Enlightenment thinkers argued that freedom is a ‘natural’ right given to you at birth. In this free online political philosophy course, we explain how Kant’s political philosophies were influenced by themes like freedom and reason and the writing of other influential philosophers. Reason, in Kant’s opinion, is the arbiter of truth in all judgement. Knowledge results solely from reason and rationality, allowing citizens to make laws that should be applicable to everyone within the community. Kant argues that citizens can legislate only if they are free and autonomous. This course maps the connections between morality, freedom and autonomy. We break down Kant’s maxim of ‘a priori’ judgement, which he called the ‘categorical imperative’.

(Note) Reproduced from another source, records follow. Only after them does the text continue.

(* Let $t\in\mathbb{N}$ and let $H$ be a graph with vertex set $A\cup T$ such that: (1) $|A|\ge 3t^2+t+1$; (2) $A$ is a clique in $H$; (3) $T=V(Q_1)\cup V(Q_2)\cup V(Q_3)$, where $Q_1,Q_2,Q_3$ are paths in $H$, each starting at a common vertex $w\notin A$ and ending in $A$, such that $Q_1-w$, $Q_2-w$, $Q_3-w$ are pairwise vertex-disjoint; (4) $\deg_H(w)=3$; (5) $|A\cap T|=3$, and the three vertices of $A\cap T$ are the endpoints $y_1,y_2,y_3$ of $Q_1,Q_2,Q_3$ different from $w$; (6) $H[V(Q_1)\cup V(Q_2)]$ is a chordless cycle; (7) $A\setminus T$ and $T\setminus A$ are anticomplete to each other. Then $H\xrightarrow{\cap} tS_{t,t,t}$.
   Context: All graphs are finite and simple. For graphs $G_1=(V_1,E_1)$, $G_2=(V_2,E_2)$, $G_1\cap G_2=(V_1\cap V_2, E_1\cap E_2)$. For a graph $G=(V,E)$ and an injective map $\alpha$ on $V$, $G^{\alpha}$ has vertex set $\alpha(V)$ and edge set $\{\{\alpha(v),\alpha(w)\}: \{v,w\}\in E\}$. We write $G\xrightarrow{\cap} H$ if $H$ is (isomorphic to) $G^{\alpha_1}\cap\cdots\cap G^{\alpha_k}$ for some $k\ge1$ and injective maps $\alpha_1,\dots,\alpha_k$ on $V(G)$. For integers $a,b,c\ge1$, $S_{a,b,c}$ is the tree consisting of a vertex of degree $3$ together with three pendant paths having $a$, $b$, $c$ edges respectively; $tS_{t,t,t}$ is the disjoint union of $t$ copies of $S_{t,t,t}$. Sets are anticomplete if no edge joins them. *)

From mathcomp Require Import all_boot.
Set Implicit Arguments. Unset Strict Implicit. Unset Printing Implicit Defensive.

Definition simple_graph (V : finType) (e : rel V) : Prop :=
  symmetric e /\ irreflexive e.

(* Vertex set and edge set of G^{al_1} ∩ ... ∩ G^{al_k}, the maps al_i : V -> nat
   being injective (all images living in the common universe nat). *)
Definition inter_vertex (V : finType) (k : nat) (al : 'I_k -> V -> nat) (x : nat) : Prop :=
  forall i, exists v, al i v = x.

Definition inter_edge (V : finType) (e : rel V) (k : nat) (al : 'I_k -> V -> nat)
  (x y : nat) : Prop :=
  forall i, exists v w, [/\ al i v = x, al i w = y & e v w].

Definition inter_iso (V : finType) (e : rel V) (k : nat) (al : 'I_k -> V -> nat)
  (W : finType) (eH : rel W) : Prop :=
  exists f : W -> nat,
    [/\ injective f,
        (forall x, inter_vertex al x <-> exists u, f u = x) &
        (forall u v, inter_edge e al (f u) (f v) <-> eH u v)].

Definition inter_to (V : finType) (e : rel V) (W : finType) (eH : rel W) : Prop :=
  exists k, 0 < k /\
    exists al : 'I_k -> V -> nat, (forall i, injective (al i)) /\ inter_iso e al eH.

(* t S_{t,t,t}: vertices (c, None) = centre of copy c, (c, Some (j, m)) = vertex at
   distance m+1 from the centre on leg j of copy c. *)
Definition tS_vertex (t : nat) : finType := ('I_t * option ('I_3 * 'I_t))%type.

Definition spider_adj (t : nat) (p q : option ('I_3 * 'I_t)) : bool :=
  match p, q with
  | None, None => false
  | None, Some (_, m) => (m : nat) == 0
  | Some (_, m), None => (m : nat) == 0
  | Some (j, m), Some (j', m') => (j == j') && (((m : nat).+1 == m') || ((m' : nat).+1 == m))
  end.

Definition tS_rel (t : nat) : rel (tS_vertex t) :=
  fun u v => (u.1 == v.1) && spider_adj u.2 v.2.

Definition induces_chordless_cycle (V : finType) (e : rel V) (S : {set V}) : Prop :=
  exists c : seq V,
    [/\ uniq c, [set x in c] = S, 3 <= size c &
        forall x y, x \in S -> y \in S -> e x y = (y == next c x) || (x == next c y)].

Definition is_path_from (V : finType) (e : rel V) (w : V) (q : seq V) : Prop :=
  path e w q /\ uniq (w :: q).
Arguments tS_rel t : clear implicits.

From mathcomp Require Import all_boot zify.
Set Implicit Arguments. Unset Strict Implicit. Unset Printing Implicit Defensive.

(* For each vertex z of t S_{t,t,t} we build an injective homomorphism into H
   that sends z into T \ A.  A piece around z is mapped onto paths inside T:
   the spider of a centre onto Q1, Q2, Q3, a stretch of a leg onto the path
   y2 ... w ... y1 formed by Q2 and Q1; every edge leaving the piece starts at a
   vertex sent into A.  The other vertices go injectively into A \ T, which has
   room for them since |A \ T| >= 3t^2 + t - 2 and every piece has at least two
   vertices, and all edges among them are present because A is a clique.  Of two
   distinct non-adjacent vertices, one has the other outside its piece, and its
   homomorphism sends them into the anticomplete sets T \ A and A \ T.  Copies
   of H relabelled along these homomorphisms intersect in exactly t S_{t,t,t}. *)

Section IntersectionOfEmbeddings.
Variables (V W : finType) (e : rel V) (eW : rel W) (Phi : W -> W -> V).
Hypothesis e_irr : irreflexive e.
Hypothesis Phi_inj : forall z, injective (Phi z).
Hypothesis Phi_hom : forall z a b, eW a b -> e (Phi z a) (Phi z b).
Hypothesis Phi_sep :
  forall a b, a != b -> ~~ eW a b -> exists z, ~~ e (Phi z a) (Phi z b).

(* Copy i of V is relabelled by [relabel i]: the image of a : W under the i-th
   homomorphism gets the even label of a, every other vertex an odd label
   depending on i.  Copies 0 and 1 give each such vertex different odd labels,
   so only even labels survive the intersection; copies i >= #|W| merely repeat
   earlier homomorphisms. *)
Let k := #|W|.+2.

Definition copy_index (i : 'I_k) (a : W) : W := nth a (enum W) (i %% #|W|).

Lemma copy_indexE i a b : copy_index i a = copy_index i b.
Proof.
apply: set_nth_default; rewrite -cardE ltn_pmod //.
by apply/card_gt0P; exists a.
Qed.

Definition copy_map (i : 'I_k) (a : W) : V := Phi (copy_index i a) a.

Lemma copy_map_inj i : injective (copy_map i).
Proof. by move=> a b; rewrite /copy_map (copy_indexE i a b); apply: Phi_inj. Qed.

Lemma copy_map_hom i a b : eW a b -> e (copy_map i a) (copy_map i b).
Proof. by rewrite /copy_map (copy_indexE i a b); apply: Phi_hom. Qed.

Lemma copy_map_onto z : exists i, copy_map i =1 Phi z.
Proof.
have lt_z_k : enum_rank z < k := leqW (leqW (ltn_ord _)).
exists (Ordinal lt_z_k) => a; rewrite /copy_map /copy_index /= modn_small //.
by rewrite (set_nth_default z) ?nth_enum_rank // -cardE.
Qed.

Definition label (a : W) : nat := (enum_rank a).*2.

Definition relabel (i : 'I_k) (v : V) : nat :=
  if [pick a | copy_map i a == v] is Some a then label a
  else (i + k * enum_rank v).*2.+1.

Lemma label_inj : injective label.
Proof. by move=> a b /double_inj /val_inj /enum_rank_inj. Qed.

Lemma relabel_copy i a : relabel i (copy_map i a) = label a.
Proof.
rewrite /relabel; case: pickP => [a' /eqP /copy_map_inj -> //|].
by move=> /(_ a); rewrite eqxx.
Qed.

Lemma relabel_label i v a : relabel i v = label a -> v = copy_map i a.
Proof.
rewrite /relabel; case: pickP => [a' /eqP <- /label_inj -> //|_].
by move=> /(congr1 odd); rewrite /label /= !odd_double.
Qed.

Lemma relabel_inj i : injective (relabel i).
Proof.
move=> u v; rewrite {1}/relabel; case: pickP => [a /eqP <- |_].
  by move=> /esym /relabel_label ->.
rewrite /relabel; case: pickP => [b _ | _].
  by move=> /(congr1 odd); rewrite /label /= !odd_double.
move=> /eq_add_S /double_inj /eqP; rewrite eqn_add2l eqn_mul2l /=.
by move=> /eqP /val_inj /enum_rank_inj.
Qed.

Lemma relabel_common x :
  (forall i, exists v, relabel i v = x) -> exists a, label a = x.
Proof.
move=> hx; have [v0 hv0] := hx (Ordinal (isT : 0 < k)).
have [v1 hv1] := hx (Ordinal (isT : 1 < k)).
move: hv0; rewrite /relabel; case: pickP => [a _ <-|_ hx0]; first by exists a.
move: hv1; rewrite /relabel; case: pickP => [a _ hx1|_ hx1].
  by move: hx0; rewrite -hx1 => /(congr1 odd); rewrite /label /= !odd_double.
move: hx1; rewrite -hx0 /= => /eq_add_S /double_inj /(congr1 (modn^~ k)).
by rewrite add0n !(mulnC k) addnC modnMDl modnMl modn_small.
Qed.

Lemma inter_to_of_embeddings : inter_to e eW.
Proof.
exists k; split => //; exists relabel; split; first exact: relabel_inj.
exists label; split; first exact: label_inj.
  move=> x; split; first exact: relabel_common.
  by case=> a <- i; exists (copy_map i a); rewrite relabel_copy.
move=> a b; split => [hab|hab i]; last first.
  by exists (copy_map i a), (copy_map i b); rewrite !relabel_copy copy_map_hom.
have edge_copy i : e (copy_map i a) (copy_map i b).
  by have [v [v' [/relabel_label -> /relabel_label -> ]]] := hab i.
apply/negPn/negP => nab; have a_neq_b : a != b.
  by apply: contraTneq (edge_copy (Ordinal (isT : 0 < k))) => ->; rewrite e_irr.
have [z ne_z] := Phi_sep a_neq_b nab; have [i hi] := copy_map_onto z.
by move: (edge_copy i); rewrite !hi (negbTE ne_z).
Qed.

End IntersectionOfEmbeddings.

Section CliqueExtension.
Variables (V W : finType) (e : rel V) (eW : rel W) (A T : {set V}) (x0 : V).

Definition anchored_embedding (D : {set W}) (psi : W -> V) : Prop :=
  [/\ {in D &, injective psi}, {in D, forall a, psi a \in T},
      {in D &, forall a b, eW a b -> e (psi a) (psi b)} &
      {in D & ~: D, forall a b, eW a b -> psi a \in A}].

Definition extend (D : {set W}) (psi : W -> V) (a : W) : V :=
  if a \in D then psi a else nth x0 (enum (A :\: T)) (index a (enum (~: D))).

Variables (D : {set W}) (psi : W -> V).
Hypothesis compl_small : #|~: D| <= #|A :\: T|.

Lemma extend_in a : a \in D -> extend D psi a = psi a.
Proof. by rewrite /extend => ->. Qed.

Lemma index_compl_lt a : a \notin D -> index a (enum (~: D)) < size (enum (A :\: T)).
Proof.
by move=> aD; rewrite -cardE (leq_trans _ compl_small) // cardE index_mem mem_enum inE.
Qed.

Lemma extend_out a : a \notin D -> extend D psi a \in A :\: T.
Proof. by move=> aD; rewrite /extend (negbTE aD) -mem_enum mem_nth ?index_compl_lt. Qed.

Hypothesis psi_anchored : anchored_embedding D psi.

Lemma extend_in_out a b : a \in D -> b \notin D -> extend D psi a != extend D psi b.
Proof.
case: psi_anchored => _ psiT _ _ aD bD; apply: contraTneq (extend_out bD) => <-.
by rewrite extend_in // inE psiT ?andbF.
Qed.

Lemma extend_inj : injective (extend D psi).
Proof.
case: psi_anchored => psi_inj _ _ _ a b.
case: (boolP (a \in D)) => aD; case: (boolP (b \in D)) => bD.
- by rewrite !extend_in //; apply: psi_inj.
- by move/eqP; rewrite (negbTE (extend_in_out aD bD)).
- by move/esym/eqP; rewrite (negbTE (extend_in_out bD aD)).
rewrite /extend (negbTE aD) (negbTE bD) => /eqP.
rewrite (nth_uniq x0 (index_compl_lt aD) (index_compl_lt bD) (enum_uniq _)).
by move/eqP; apply: (index_inj a); rewrite mem_enum inE.
Qed.

Hypothesis A_clique : {in A &, forall x y, x != y -> e x y}.
Hypothesis eW_sym : symmetric eW.
Hypothesis eW_irr : irreflexive eW.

Kant was one of the Enlightenment's most prominent thinkers. We examine his theories regarding humanity’s emergence from ‘self-incurred immaturity’, which he saw as the inability to use one's own understanding without another person’s guidance. Kant argued that such immaturity is ‘self-incurred’ because it is driven not by lack of understanding but by a failure of resolution and courage, prompting his motto ‘be courageous enough to use your own understanding’. Many people remain ‘immature’ because they are lazy and cowardly and thus consent to constant external guidance. This attitude encourages others to act as their ‘guardians’, an instinct you may recognize in today’s political culture.

We then move on to ideas surrounding freedom. People have conflicting ideas when it comes to judging when an action is borne of free will or was induced and this dilemma affects our ideas surrounding political choices. Kant thought that freedom is a prerequisite for all activities and thinking so everyone is capable of thinking out their own rational principles and only they deem their will as their own. This course explores Kant’s thoughts on idealism and ethics and suits students and anyone interested in politics and its philosophy. The bones of our social and political landscape are buried in the past and we delve deep to link the writings of important thinkers to today’s headlines.